• **Exercise directions**
Wherever a line in the data below holds "Variables", copy that line.

------ Extracted material

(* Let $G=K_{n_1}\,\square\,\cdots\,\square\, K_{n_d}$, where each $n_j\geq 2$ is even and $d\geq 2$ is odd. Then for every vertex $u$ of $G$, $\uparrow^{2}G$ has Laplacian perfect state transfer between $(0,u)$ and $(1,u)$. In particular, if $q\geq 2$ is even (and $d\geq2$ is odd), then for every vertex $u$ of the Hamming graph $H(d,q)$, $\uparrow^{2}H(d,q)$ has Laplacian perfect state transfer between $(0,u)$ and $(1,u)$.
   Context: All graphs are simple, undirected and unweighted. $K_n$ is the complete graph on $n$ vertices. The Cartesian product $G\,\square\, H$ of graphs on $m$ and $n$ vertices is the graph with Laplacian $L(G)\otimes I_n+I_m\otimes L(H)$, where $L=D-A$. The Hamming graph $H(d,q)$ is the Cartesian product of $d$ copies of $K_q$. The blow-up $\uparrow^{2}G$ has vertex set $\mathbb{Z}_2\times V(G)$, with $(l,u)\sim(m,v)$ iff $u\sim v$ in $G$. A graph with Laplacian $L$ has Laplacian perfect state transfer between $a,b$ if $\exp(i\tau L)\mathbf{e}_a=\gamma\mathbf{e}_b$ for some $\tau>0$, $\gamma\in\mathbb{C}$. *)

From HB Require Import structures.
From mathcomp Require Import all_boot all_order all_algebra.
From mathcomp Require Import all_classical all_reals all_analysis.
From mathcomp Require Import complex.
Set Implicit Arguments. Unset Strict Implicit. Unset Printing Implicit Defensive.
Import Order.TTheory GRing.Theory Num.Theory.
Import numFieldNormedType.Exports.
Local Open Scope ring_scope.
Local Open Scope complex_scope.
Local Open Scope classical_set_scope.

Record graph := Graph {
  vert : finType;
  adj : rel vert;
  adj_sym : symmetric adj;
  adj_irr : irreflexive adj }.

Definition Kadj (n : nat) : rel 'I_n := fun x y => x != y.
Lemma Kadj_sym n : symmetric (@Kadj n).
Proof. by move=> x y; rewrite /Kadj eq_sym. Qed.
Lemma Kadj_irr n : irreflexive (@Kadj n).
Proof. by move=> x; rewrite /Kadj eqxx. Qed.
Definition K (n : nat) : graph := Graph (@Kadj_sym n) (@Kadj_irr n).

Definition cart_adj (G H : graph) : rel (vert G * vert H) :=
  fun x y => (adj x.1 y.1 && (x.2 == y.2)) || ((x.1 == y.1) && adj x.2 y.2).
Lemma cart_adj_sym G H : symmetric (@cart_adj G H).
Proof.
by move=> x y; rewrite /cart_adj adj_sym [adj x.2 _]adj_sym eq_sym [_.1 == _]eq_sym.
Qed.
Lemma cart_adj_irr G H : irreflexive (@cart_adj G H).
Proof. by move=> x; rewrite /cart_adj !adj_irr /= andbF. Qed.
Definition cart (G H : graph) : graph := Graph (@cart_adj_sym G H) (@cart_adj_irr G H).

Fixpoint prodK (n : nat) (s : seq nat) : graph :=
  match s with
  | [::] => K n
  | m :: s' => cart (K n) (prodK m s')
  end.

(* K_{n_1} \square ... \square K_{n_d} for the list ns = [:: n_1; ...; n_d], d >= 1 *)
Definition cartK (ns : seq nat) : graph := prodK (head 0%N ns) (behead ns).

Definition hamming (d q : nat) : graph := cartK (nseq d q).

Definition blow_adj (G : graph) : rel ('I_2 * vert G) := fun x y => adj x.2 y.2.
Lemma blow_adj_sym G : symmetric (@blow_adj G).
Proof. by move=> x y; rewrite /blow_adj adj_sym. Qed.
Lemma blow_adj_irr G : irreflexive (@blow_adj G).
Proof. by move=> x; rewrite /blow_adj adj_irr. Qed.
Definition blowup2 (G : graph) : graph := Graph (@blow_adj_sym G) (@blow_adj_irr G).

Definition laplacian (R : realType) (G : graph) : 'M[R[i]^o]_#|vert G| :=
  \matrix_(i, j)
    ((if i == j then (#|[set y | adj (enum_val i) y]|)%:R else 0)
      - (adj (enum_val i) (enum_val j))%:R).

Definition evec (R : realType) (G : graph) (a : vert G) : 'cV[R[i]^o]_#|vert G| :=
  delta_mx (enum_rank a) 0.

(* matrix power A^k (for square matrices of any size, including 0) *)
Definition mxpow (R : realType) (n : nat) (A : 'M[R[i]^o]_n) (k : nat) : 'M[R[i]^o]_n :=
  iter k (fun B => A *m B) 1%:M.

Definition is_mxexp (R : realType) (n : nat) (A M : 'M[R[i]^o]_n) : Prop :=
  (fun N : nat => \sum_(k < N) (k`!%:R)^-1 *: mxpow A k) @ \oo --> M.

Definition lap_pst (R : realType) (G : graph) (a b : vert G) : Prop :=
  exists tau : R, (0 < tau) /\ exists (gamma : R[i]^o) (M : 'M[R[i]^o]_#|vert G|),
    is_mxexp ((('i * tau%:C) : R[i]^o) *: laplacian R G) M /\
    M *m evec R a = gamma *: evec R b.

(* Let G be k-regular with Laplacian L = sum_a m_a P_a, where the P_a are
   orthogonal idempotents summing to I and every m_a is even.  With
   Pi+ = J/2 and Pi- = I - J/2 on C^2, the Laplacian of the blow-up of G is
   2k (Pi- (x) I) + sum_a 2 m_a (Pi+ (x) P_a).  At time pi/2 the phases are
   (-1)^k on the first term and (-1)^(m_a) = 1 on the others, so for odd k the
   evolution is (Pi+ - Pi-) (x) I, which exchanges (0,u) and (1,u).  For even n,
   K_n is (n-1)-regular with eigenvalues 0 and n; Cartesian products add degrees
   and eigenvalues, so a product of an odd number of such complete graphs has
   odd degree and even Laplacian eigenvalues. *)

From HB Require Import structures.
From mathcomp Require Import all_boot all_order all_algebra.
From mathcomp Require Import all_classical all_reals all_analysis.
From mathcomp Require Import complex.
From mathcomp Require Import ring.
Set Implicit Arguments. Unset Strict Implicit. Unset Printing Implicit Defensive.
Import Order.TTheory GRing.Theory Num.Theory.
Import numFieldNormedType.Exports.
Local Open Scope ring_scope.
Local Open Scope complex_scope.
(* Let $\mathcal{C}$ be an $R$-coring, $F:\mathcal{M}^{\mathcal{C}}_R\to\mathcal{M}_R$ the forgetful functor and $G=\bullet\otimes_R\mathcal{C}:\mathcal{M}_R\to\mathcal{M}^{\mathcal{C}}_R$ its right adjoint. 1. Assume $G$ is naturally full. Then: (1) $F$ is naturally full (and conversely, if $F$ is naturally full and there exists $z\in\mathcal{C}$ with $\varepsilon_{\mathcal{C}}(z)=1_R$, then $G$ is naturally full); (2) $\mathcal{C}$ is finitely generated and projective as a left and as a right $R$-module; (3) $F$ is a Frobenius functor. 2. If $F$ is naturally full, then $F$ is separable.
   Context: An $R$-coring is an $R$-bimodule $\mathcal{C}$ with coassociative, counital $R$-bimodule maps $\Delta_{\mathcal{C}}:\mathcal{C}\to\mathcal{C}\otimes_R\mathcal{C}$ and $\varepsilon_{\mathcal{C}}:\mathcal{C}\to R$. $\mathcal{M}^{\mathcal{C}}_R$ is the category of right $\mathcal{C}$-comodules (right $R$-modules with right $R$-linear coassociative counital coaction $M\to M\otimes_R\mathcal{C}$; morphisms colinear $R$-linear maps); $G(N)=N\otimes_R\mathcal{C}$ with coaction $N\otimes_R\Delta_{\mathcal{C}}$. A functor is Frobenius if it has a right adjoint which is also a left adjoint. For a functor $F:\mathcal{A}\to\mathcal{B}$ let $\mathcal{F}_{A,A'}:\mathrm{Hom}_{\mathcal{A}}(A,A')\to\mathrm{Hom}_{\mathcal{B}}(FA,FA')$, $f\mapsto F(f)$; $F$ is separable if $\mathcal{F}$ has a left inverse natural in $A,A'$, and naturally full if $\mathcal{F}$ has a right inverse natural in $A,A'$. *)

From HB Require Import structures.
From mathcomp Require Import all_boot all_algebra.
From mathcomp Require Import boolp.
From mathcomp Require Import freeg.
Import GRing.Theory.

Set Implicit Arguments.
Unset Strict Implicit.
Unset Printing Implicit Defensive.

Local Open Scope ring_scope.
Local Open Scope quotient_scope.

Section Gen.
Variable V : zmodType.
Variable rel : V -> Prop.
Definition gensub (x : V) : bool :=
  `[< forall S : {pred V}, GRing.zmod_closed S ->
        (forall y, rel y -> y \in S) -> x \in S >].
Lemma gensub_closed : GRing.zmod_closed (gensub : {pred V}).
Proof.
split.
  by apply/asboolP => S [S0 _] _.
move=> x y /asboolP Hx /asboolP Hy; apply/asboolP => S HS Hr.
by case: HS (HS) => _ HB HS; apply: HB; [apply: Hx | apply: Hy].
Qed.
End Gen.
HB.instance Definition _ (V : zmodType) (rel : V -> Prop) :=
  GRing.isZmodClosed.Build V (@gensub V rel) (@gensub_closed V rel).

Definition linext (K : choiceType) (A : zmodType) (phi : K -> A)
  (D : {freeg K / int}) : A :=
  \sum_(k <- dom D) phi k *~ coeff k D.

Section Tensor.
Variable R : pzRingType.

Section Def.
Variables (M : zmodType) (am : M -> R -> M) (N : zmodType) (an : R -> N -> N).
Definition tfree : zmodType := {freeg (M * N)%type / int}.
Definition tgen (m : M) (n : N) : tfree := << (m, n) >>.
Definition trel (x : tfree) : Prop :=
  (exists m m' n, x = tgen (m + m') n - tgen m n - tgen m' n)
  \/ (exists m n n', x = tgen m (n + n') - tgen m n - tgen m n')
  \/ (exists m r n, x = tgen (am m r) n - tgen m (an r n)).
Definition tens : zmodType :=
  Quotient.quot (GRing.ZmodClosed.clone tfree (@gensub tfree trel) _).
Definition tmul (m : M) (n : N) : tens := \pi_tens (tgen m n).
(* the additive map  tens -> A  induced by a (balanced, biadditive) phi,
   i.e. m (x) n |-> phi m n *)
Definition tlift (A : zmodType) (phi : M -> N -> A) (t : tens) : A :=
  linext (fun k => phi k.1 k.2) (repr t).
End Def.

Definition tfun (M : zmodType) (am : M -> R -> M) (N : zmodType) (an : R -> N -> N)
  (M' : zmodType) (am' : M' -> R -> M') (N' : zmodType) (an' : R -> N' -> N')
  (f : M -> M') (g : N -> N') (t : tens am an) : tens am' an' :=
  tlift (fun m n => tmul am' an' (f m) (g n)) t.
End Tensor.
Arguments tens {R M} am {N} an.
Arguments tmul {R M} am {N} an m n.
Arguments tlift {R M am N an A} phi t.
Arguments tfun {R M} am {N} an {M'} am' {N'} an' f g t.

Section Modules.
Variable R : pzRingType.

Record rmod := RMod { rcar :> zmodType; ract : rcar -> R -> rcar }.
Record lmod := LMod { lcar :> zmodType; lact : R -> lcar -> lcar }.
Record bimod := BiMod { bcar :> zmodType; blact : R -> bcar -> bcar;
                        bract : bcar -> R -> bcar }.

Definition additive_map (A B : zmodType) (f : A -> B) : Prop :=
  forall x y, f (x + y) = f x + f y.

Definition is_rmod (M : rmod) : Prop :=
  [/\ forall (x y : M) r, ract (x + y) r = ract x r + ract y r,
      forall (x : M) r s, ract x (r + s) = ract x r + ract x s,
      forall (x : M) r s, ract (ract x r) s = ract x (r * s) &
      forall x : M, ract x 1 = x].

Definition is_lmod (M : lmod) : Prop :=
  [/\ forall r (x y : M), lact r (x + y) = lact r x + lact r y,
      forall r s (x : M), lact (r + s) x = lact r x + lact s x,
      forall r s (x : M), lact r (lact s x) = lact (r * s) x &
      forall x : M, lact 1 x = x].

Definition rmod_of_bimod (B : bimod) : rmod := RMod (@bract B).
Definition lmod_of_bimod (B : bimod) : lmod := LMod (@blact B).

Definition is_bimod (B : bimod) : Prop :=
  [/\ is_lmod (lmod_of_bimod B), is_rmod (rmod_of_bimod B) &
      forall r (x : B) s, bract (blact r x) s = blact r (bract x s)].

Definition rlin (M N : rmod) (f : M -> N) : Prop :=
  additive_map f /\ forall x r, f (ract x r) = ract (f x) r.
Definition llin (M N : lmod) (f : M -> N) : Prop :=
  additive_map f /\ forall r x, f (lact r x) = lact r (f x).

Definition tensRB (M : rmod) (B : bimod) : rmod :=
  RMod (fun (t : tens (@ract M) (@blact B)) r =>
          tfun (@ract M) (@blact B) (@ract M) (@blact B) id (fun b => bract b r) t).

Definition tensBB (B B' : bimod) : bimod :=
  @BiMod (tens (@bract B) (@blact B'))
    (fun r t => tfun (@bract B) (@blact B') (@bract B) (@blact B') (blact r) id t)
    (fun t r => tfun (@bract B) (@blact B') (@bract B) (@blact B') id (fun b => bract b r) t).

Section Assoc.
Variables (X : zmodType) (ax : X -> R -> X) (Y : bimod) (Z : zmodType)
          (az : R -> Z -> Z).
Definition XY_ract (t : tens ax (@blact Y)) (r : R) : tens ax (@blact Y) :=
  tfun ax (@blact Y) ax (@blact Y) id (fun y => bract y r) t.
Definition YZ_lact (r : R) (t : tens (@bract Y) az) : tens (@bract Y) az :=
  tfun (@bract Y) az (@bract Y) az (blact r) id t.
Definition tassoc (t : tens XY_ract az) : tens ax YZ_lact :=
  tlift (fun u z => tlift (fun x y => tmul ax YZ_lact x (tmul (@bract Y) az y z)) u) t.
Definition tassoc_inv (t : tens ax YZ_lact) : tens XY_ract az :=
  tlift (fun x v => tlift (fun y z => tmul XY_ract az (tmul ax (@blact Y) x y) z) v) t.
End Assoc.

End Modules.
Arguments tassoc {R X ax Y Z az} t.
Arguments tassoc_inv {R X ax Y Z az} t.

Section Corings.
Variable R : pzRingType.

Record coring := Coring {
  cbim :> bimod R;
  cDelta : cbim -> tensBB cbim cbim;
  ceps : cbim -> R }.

------------

• **Exercise response**
Variables (M : zmodType) (am : M -> R -> M) (N : zmodType) (an : R -> N -> N).
Variables (X : zmodType) (ax : X -> R -> X) (Y : bimod) (Z : zmodType)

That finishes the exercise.